Given records:
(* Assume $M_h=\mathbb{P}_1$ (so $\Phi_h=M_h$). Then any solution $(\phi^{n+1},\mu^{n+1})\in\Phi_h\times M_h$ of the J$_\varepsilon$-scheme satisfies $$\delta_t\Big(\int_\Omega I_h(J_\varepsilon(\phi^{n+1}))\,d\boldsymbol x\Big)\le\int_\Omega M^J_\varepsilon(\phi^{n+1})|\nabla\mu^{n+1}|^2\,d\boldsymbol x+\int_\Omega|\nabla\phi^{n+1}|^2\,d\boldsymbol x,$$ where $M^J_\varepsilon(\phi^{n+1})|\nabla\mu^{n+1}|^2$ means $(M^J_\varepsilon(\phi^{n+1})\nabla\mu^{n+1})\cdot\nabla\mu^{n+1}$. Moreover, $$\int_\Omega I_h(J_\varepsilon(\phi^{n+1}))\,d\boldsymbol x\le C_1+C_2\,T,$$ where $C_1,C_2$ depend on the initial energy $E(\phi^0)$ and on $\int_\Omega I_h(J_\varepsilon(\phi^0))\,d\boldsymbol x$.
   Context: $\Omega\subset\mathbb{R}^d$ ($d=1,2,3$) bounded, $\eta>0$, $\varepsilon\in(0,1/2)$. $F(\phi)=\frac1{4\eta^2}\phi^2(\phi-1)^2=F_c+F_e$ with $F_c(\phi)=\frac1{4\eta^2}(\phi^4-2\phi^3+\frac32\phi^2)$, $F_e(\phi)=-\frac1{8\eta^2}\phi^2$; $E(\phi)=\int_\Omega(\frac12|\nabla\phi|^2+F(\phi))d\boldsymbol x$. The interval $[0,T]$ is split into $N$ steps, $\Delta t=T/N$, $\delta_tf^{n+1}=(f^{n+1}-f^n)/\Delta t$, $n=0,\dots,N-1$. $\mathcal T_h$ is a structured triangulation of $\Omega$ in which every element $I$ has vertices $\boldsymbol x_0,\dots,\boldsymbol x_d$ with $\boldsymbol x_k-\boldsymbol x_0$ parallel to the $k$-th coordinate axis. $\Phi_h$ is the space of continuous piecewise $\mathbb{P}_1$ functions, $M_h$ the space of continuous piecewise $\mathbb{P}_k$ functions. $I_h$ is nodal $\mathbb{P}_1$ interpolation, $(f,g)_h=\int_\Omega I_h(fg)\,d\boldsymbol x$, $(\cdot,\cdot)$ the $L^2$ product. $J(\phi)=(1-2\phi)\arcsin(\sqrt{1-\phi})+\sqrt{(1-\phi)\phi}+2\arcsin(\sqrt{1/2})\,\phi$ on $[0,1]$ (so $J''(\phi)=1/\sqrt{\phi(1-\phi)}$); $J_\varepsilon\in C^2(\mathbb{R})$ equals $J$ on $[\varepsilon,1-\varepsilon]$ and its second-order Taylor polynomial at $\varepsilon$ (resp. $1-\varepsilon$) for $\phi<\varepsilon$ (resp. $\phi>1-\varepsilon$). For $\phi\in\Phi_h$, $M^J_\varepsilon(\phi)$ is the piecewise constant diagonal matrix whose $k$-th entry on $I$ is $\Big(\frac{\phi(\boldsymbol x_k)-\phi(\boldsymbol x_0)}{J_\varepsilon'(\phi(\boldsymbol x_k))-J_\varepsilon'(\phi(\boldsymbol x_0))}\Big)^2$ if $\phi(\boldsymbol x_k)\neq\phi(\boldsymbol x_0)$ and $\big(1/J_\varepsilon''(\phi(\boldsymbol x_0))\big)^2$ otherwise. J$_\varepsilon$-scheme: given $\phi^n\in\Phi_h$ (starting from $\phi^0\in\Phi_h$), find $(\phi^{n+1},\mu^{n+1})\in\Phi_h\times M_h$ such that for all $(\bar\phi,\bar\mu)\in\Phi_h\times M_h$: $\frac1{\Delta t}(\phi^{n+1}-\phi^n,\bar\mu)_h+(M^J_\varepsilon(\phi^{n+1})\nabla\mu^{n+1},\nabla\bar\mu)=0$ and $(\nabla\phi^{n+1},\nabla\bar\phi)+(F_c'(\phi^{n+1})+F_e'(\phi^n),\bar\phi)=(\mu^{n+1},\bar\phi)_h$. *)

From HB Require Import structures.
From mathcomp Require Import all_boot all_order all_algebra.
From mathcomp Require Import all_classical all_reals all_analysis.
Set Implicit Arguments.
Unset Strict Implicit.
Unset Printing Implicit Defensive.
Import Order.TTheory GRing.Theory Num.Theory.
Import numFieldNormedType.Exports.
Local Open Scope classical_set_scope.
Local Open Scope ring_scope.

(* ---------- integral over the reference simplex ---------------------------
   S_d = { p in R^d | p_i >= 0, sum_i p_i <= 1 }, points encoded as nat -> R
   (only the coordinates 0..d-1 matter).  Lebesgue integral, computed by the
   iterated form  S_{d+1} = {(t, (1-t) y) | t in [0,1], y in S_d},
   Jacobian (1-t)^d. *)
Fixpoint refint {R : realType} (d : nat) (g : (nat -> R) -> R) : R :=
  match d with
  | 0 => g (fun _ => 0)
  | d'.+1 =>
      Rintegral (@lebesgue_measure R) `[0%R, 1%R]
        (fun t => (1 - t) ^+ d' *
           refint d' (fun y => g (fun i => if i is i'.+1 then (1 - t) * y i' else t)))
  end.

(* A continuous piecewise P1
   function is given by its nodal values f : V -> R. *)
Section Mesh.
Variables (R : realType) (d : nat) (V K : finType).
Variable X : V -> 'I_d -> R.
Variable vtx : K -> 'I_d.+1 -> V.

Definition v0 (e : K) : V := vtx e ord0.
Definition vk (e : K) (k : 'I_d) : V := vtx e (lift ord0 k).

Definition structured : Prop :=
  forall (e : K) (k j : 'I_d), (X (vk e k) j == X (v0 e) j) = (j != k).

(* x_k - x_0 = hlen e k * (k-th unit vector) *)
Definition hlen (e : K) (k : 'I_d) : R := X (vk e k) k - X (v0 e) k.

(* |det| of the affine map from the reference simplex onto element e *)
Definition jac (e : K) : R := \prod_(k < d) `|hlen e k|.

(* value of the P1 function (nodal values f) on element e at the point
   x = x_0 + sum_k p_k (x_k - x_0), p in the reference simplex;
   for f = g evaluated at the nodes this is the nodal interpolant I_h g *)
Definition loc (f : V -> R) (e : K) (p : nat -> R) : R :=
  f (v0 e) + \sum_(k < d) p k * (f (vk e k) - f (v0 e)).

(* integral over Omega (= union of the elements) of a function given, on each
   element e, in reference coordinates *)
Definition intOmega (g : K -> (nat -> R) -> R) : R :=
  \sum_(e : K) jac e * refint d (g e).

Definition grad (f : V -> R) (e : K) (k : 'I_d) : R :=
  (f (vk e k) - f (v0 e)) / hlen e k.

* * *

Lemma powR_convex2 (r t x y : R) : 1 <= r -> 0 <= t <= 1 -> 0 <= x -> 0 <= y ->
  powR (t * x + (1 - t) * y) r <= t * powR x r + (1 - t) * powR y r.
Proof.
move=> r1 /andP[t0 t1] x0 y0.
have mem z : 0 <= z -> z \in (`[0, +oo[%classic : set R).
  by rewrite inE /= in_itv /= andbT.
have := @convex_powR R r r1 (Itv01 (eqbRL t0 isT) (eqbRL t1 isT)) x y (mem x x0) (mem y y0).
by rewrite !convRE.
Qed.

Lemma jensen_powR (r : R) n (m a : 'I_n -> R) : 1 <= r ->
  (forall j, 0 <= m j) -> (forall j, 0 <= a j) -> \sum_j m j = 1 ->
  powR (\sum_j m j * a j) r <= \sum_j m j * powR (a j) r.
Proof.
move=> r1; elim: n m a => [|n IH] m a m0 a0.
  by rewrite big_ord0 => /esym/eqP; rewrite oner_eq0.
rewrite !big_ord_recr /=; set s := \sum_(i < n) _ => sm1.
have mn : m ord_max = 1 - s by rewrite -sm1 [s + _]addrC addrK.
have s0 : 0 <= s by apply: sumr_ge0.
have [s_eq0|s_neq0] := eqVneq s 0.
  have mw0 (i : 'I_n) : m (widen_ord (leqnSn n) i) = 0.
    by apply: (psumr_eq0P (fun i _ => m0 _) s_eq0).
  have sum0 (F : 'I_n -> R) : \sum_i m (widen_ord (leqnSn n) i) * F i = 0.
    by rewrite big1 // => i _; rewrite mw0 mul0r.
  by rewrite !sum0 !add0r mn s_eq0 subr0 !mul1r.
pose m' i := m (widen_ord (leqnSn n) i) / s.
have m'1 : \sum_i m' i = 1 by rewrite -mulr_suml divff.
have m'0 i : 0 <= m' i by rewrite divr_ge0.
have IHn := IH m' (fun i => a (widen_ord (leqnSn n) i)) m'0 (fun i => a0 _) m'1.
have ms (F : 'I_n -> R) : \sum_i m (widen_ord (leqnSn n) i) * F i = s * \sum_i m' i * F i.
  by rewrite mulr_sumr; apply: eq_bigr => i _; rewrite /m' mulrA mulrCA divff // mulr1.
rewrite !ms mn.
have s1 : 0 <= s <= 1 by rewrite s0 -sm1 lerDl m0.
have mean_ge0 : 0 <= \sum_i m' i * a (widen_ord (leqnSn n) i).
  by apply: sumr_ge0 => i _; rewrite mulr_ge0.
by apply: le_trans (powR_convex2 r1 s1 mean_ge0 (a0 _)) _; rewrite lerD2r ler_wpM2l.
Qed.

* * *

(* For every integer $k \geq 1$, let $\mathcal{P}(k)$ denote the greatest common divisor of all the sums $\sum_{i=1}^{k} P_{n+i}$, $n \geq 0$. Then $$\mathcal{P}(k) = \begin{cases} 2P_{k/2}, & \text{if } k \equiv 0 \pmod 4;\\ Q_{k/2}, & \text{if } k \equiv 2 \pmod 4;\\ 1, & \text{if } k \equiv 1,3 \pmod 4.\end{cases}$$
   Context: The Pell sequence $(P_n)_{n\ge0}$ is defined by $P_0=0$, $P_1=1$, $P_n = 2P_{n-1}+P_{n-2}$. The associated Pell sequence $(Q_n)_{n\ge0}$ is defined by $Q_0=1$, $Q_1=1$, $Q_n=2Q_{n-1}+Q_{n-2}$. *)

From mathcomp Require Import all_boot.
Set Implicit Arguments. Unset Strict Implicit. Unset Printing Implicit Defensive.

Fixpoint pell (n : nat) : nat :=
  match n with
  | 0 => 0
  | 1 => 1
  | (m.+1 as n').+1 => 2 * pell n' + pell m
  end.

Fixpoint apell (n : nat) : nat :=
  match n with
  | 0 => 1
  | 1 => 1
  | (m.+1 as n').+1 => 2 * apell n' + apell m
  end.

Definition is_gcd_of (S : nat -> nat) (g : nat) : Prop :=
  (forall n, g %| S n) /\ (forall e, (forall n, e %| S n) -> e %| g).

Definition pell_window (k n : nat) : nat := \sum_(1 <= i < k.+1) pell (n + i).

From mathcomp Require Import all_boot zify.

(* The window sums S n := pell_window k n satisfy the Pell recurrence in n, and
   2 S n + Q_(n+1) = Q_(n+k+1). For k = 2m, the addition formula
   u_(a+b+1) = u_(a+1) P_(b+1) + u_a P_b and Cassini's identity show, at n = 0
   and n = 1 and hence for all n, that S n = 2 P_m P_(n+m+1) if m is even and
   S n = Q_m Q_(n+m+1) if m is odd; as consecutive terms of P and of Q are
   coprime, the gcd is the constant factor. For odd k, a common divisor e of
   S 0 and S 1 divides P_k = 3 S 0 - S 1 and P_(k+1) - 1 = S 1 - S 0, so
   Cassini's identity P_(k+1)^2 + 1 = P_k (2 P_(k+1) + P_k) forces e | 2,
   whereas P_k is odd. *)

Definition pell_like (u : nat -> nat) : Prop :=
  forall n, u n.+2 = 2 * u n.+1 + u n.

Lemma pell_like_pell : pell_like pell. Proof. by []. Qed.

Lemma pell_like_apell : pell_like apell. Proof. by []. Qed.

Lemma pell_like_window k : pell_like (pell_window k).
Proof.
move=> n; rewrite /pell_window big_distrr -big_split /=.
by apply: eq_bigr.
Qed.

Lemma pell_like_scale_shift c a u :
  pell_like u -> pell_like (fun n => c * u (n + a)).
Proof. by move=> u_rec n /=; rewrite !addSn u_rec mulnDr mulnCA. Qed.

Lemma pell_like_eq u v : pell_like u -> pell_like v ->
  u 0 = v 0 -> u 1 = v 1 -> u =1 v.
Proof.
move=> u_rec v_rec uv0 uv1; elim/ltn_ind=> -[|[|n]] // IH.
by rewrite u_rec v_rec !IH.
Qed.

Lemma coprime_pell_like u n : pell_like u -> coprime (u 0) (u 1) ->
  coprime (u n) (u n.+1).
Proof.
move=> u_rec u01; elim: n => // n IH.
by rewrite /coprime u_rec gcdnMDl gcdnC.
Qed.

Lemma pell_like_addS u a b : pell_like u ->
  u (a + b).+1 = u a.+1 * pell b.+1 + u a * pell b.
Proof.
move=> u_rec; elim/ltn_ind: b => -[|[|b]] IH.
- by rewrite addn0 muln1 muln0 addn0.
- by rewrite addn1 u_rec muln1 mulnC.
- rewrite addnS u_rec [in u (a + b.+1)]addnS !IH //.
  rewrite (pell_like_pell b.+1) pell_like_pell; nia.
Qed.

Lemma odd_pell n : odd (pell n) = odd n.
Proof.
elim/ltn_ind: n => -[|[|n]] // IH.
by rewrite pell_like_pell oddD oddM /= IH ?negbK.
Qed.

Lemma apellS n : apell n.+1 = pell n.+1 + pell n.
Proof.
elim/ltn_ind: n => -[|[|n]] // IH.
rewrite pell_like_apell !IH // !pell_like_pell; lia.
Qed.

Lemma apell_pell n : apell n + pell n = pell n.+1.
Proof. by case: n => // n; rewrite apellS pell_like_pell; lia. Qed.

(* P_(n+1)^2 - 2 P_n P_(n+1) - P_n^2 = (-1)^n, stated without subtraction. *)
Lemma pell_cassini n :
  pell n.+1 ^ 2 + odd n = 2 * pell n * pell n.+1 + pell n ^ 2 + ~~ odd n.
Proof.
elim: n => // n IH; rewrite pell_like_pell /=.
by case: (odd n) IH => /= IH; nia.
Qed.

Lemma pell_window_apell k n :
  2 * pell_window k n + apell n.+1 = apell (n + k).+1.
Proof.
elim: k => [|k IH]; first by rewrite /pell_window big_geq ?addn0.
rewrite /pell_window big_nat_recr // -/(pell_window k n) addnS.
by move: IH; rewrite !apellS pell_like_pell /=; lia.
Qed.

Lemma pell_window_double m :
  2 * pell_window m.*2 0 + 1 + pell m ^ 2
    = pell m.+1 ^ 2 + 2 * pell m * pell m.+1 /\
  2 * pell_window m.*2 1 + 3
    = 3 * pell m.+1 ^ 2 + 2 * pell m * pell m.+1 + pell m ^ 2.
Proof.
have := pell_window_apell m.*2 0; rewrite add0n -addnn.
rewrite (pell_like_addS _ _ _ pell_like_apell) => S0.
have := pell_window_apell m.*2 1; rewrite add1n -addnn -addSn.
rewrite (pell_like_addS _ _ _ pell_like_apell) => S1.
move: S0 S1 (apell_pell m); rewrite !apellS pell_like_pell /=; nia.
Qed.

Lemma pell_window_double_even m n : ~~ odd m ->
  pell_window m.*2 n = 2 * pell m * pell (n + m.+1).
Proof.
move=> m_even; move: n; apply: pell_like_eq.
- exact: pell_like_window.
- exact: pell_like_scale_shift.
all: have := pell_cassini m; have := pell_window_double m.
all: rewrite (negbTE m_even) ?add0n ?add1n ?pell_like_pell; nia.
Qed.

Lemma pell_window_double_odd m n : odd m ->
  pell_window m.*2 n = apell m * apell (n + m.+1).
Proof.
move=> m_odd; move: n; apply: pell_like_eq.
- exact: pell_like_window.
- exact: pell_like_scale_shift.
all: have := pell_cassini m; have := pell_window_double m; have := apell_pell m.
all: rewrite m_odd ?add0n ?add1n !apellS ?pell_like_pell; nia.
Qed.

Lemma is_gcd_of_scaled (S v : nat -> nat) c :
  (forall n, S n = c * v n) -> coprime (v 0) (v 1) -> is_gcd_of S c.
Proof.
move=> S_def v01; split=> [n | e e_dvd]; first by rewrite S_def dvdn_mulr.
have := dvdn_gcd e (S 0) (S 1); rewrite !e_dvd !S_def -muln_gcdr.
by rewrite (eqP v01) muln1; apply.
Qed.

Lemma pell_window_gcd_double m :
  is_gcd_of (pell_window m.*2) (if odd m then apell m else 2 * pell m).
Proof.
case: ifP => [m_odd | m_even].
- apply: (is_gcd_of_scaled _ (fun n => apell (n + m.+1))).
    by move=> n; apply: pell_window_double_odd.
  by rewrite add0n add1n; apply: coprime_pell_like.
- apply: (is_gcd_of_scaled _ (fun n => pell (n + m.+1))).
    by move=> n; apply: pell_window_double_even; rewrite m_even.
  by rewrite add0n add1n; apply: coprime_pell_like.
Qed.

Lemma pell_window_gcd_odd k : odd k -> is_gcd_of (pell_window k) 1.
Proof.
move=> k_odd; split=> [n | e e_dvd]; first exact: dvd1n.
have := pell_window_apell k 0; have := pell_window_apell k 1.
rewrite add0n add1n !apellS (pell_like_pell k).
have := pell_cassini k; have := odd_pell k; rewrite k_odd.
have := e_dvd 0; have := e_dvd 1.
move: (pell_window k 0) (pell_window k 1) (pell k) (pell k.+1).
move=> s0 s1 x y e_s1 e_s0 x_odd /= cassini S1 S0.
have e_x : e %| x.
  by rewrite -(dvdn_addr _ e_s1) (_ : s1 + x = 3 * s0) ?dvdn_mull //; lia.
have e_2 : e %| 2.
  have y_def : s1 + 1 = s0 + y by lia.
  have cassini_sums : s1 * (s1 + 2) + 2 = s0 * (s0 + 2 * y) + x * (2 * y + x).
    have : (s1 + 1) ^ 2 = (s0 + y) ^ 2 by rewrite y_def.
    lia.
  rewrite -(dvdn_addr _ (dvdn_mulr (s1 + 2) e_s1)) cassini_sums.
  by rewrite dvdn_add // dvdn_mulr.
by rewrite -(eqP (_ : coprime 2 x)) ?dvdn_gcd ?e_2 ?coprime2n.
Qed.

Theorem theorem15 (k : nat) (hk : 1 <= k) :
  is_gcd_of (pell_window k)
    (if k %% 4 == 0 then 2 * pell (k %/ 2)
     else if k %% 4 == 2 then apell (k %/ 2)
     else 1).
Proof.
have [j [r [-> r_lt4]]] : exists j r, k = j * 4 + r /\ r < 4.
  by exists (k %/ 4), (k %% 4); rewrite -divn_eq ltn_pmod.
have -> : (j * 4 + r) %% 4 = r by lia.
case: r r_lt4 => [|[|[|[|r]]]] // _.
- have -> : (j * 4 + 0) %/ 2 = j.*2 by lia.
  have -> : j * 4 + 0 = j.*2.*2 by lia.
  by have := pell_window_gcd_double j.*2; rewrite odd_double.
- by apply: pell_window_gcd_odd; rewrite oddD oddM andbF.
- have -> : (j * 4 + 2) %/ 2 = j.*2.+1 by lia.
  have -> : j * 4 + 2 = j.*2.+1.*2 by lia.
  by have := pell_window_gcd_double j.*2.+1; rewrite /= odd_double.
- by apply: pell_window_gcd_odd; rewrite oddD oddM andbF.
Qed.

Task statement:
Take every line from the records that holds "forall" and copy it down.

Problem solution:
  forall (e : K) (k j : 'I_d), (X (vk e k) j == X (v0 e) j) = (j != k).
  (forall j, 0 <= m j) -> (forall j, 0 <= a j) -> \sum_j m j = 1 ->
  (forall n, g %| S n) /\ (forall e, (forall n, e %| S n) -> e %| g).
  forall n, u n.+2 = 2 * u n.+1 + u n.
  (forall n, S n = c * v n) -> coprime (v 0) (v 1) -> is_gcd_of S c.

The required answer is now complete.